» **Data in this exercise**:
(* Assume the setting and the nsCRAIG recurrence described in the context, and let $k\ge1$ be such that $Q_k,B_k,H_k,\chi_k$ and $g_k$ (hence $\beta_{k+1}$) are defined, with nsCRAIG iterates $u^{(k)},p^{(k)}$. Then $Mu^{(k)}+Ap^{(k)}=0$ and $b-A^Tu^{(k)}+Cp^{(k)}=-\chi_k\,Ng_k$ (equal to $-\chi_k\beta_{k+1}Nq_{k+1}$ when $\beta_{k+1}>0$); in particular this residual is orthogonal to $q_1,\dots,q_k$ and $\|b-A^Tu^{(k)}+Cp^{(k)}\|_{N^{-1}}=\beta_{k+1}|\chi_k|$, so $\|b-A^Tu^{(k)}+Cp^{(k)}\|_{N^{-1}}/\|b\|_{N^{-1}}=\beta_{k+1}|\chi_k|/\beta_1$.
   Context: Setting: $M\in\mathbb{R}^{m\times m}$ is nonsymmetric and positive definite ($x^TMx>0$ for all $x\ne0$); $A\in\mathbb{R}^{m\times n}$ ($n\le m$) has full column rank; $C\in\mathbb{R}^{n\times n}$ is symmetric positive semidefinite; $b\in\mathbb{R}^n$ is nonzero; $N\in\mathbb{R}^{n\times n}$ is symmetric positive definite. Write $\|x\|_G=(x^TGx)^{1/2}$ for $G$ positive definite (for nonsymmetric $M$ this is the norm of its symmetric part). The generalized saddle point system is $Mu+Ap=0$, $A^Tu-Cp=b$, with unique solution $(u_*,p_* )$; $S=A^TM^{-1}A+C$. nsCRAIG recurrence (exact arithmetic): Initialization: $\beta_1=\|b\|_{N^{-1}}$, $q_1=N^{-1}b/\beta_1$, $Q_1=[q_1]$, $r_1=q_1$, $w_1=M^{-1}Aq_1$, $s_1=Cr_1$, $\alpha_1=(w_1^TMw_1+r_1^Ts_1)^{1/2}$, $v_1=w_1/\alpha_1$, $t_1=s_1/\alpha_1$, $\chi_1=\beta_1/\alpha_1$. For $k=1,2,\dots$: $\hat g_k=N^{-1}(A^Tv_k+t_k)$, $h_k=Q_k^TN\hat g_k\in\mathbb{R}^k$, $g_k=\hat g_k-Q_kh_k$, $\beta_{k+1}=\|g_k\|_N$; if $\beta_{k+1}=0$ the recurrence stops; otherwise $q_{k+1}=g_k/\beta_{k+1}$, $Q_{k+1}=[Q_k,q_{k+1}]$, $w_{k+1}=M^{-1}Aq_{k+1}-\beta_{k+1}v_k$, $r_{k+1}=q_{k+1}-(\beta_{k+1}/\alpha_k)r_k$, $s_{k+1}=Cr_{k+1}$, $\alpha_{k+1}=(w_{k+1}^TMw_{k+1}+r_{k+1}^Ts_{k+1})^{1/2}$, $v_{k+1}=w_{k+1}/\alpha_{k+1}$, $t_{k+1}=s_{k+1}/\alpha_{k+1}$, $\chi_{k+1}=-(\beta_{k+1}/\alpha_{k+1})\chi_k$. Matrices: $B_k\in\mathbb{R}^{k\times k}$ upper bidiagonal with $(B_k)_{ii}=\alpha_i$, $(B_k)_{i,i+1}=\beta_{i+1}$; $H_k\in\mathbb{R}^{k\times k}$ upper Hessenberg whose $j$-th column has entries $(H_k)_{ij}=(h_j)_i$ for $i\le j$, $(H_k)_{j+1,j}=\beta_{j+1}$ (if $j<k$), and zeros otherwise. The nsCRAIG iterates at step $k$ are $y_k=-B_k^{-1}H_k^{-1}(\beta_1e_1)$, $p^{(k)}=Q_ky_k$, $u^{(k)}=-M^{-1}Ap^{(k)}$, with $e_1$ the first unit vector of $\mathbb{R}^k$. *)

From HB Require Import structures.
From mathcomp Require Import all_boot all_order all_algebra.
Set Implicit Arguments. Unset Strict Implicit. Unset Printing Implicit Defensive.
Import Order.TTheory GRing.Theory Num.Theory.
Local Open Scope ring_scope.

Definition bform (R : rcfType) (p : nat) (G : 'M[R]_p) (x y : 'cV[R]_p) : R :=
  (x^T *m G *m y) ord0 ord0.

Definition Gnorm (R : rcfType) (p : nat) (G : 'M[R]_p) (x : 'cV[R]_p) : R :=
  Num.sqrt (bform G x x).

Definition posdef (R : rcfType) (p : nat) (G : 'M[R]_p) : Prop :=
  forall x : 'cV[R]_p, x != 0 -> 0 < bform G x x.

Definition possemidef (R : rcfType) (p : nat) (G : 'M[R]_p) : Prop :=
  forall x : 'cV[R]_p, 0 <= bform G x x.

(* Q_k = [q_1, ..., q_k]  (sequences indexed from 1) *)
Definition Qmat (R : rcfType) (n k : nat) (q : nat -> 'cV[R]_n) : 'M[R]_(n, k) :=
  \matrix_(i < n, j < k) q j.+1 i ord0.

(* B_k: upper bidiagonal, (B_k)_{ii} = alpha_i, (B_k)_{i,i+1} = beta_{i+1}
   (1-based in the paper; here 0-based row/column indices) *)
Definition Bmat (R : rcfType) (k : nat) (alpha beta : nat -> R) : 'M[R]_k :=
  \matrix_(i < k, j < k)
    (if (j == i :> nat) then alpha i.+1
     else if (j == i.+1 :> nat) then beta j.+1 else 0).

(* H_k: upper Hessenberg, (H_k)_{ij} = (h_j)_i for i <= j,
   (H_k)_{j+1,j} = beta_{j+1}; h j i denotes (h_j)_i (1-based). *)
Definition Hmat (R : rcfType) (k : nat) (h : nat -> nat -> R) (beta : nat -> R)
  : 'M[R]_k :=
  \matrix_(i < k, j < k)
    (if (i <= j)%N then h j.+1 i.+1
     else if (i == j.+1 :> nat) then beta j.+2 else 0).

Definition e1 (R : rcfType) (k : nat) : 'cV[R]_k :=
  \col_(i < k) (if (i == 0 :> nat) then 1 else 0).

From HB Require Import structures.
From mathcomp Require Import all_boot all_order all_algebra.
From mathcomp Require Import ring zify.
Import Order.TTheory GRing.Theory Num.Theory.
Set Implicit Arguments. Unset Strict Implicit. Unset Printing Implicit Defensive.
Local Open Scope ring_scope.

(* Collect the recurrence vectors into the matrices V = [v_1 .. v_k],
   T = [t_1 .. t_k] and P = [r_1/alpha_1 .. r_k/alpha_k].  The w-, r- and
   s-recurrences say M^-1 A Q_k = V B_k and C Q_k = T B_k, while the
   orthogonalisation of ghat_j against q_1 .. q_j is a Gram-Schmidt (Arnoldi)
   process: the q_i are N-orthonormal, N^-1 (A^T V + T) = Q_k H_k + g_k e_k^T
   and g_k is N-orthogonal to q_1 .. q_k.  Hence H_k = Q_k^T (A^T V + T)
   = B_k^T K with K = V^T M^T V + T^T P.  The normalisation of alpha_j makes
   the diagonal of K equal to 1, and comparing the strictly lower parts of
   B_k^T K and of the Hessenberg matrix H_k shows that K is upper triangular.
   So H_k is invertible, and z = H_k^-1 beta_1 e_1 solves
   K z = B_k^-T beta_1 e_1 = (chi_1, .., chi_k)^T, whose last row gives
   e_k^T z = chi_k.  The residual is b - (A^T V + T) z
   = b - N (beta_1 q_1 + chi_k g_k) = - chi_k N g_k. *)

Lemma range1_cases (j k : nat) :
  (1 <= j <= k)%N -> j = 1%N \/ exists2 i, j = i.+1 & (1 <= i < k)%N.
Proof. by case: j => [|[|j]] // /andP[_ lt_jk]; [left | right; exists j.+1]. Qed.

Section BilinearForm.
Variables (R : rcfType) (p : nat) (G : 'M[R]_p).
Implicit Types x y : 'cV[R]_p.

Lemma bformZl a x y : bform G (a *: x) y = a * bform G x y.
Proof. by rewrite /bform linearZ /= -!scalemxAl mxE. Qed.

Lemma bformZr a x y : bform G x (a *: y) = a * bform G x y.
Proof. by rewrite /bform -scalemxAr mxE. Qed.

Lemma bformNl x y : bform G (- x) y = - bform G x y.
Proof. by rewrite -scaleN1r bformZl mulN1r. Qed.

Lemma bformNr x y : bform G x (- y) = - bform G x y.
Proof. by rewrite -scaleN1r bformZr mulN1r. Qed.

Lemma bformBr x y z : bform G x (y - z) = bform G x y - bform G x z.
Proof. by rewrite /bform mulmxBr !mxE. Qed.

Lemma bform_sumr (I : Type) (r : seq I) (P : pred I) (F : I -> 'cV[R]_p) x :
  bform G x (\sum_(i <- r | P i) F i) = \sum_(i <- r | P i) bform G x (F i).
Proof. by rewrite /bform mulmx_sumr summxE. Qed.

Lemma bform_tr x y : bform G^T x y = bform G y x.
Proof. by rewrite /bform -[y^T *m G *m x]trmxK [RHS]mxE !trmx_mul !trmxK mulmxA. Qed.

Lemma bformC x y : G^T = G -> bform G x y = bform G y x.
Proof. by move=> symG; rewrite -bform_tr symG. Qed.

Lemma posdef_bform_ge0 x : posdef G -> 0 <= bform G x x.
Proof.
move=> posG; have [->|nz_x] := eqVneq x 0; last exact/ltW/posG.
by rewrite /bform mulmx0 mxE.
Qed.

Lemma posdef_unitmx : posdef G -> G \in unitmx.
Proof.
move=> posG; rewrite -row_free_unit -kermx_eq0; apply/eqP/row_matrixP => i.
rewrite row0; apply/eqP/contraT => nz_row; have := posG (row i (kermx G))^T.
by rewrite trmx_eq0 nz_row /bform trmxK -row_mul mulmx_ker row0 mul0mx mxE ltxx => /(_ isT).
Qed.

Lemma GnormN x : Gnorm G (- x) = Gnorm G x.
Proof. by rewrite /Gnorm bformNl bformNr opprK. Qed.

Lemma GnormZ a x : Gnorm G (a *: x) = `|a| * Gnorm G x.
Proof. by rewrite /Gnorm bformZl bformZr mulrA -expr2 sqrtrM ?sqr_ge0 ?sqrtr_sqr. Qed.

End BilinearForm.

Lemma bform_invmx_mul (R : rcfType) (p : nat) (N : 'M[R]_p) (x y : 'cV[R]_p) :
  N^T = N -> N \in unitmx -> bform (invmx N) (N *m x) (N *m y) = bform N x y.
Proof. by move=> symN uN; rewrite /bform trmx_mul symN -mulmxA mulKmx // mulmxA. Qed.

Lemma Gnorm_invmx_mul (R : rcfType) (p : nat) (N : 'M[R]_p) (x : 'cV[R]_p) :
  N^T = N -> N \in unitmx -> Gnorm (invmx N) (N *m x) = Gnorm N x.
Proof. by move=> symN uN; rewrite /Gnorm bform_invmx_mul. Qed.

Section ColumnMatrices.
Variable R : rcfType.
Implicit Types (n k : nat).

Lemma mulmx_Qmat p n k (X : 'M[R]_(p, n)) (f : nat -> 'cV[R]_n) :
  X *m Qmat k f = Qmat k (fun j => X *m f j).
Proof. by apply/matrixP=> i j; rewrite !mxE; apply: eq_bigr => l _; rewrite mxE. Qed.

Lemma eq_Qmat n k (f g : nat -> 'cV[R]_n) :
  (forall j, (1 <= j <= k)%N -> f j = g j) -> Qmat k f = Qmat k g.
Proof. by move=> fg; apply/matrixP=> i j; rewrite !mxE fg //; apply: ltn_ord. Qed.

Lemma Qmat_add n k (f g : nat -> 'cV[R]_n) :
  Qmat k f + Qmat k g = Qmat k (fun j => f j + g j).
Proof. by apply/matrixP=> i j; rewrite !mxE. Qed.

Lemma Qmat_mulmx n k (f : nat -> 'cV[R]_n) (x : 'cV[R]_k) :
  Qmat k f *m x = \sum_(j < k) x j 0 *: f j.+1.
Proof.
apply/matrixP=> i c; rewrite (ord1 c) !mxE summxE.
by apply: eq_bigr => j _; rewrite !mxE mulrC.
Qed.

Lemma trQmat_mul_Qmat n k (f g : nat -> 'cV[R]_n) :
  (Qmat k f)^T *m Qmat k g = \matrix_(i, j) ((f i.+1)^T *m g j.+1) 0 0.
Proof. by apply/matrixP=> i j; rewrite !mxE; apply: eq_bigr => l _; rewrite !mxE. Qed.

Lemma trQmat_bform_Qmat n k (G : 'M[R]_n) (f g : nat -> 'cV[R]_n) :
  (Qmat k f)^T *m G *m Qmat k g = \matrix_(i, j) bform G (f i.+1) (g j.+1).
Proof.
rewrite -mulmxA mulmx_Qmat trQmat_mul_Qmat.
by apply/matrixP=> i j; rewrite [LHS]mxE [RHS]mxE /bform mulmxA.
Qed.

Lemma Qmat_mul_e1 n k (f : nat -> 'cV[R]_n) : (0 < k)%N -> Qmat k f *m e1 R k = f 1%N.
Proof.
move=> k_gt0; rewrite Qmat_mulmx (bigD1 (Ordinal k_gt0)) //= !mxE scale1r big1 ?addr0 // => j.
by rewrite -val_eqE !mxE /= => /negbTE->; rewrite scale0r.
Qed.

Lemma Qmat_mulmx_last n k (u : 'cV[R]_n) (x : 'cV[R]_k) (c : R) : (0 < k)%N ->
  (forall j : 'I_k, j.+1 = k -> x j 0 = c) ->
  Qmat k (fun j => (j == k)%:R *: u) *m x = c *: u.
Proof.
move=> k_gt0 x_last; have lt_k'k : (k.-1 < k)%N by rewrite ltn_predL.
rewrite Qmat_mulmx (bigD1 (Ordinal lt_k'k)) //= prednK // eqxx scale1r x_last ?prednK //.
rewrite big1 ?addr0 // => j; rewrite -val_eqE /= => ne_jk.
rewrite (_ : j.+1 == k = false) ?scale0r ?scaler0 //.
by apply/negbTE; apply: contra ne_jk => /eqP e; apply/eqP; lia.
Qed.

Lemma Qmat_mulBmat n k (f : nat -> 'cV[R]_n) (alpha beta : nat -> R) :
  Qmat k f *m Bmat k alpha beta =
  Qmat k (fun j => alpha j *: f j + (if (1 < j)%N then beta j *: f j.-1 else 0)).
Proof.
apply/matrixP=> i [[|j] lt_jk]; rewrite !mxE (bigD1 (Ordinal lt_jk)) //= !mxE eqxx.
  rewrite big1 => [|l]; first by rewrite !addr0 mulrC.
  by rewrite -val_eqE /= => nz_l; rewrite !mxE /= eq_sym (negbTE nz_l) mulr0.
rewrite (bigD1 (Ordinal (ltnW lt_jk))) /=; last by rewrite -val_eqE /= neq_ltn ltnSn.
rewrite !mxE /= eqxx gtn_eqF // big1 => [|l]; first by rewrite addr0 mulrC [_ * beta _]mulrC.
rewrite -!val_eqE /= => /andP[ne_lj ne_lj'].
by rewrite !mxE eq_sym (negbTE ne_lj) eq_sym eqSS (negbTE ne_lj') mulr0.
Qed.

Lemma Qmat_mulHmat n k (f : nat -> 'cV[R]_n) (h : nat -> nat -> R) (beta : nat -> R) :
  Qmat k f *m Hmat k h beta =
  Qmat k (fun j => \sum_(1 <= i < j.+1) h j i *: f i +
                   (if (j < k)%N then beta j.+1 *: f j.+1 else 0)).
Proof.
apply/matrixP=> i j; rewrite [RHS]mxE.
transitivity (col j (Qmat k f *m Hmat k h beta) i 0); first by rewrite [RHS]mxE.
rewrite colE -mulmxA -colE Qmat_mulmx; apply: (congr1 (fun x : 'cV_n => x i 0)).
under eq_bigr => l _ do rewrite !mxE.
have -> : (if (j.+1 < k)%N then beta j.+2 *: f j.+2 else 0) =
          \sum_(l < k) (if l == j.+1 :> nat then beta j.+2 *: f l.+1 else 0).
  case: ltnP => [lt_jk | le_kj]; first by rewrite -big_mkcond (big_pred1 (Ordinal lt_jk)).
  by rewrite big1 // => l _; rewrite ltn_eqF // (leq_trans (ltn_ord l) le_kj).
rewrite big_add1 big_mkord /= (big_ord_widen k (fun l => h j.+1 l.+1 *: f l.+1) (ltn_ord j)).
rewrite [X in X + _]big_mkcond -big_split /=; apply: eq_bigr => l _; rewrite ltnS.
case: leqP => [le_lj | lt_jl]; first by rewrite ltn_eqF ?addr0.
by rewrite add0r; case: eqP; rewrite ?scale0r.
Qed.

» **Brief**: Take the listing above and repeat exactly the lines from the one containing "by apply/negbTE; apply: contra" through the one containing "rewrite -!val_eqE /= => /andP[ne_lj ne_lj'].", both included.

» **Reply**:
by apply/negbTE; apply: contra ne_jk => /eqP e; apply/eqP; lia.
Qed.

Lemma Qmat_mulBmat n k (f : nat -> 'cV[R]_n) (alpha beta : nat -> R) :
  Qmat k f *m Bmat k alpha beta =
  Qmat k (fun j => alpha j *: f j + (if (1 < j)%N then beta j *: f j.-1 else 0)).
Proof.
apply/matrixP=> i [[|j] lt_jk]; rewrite !mxE (bigD1 (Ordinal lt_jk)) //= !mxE eqxx.
  rewrite big1 => [|l]; first by rewrite !addr0 mulrC.
  by rewrite -val_eqE /= => nz_l; rewrite !mxE /= eq_sym (negbTE nz_l) mulr0.
rewrite (bigD1 (Ordinal (ltnW lt_jk))) /=; last by rewrite -val_eqE /= neq_ltn ltnSn.
rewrite !mxE /= eqxx gtn_eqF // big1 => [|l]; first by rewrite addr0 mulrC [_ * beta _]mulrC.
rewrite -!val_eqE /= => /andP[ne_lj ne_lj'].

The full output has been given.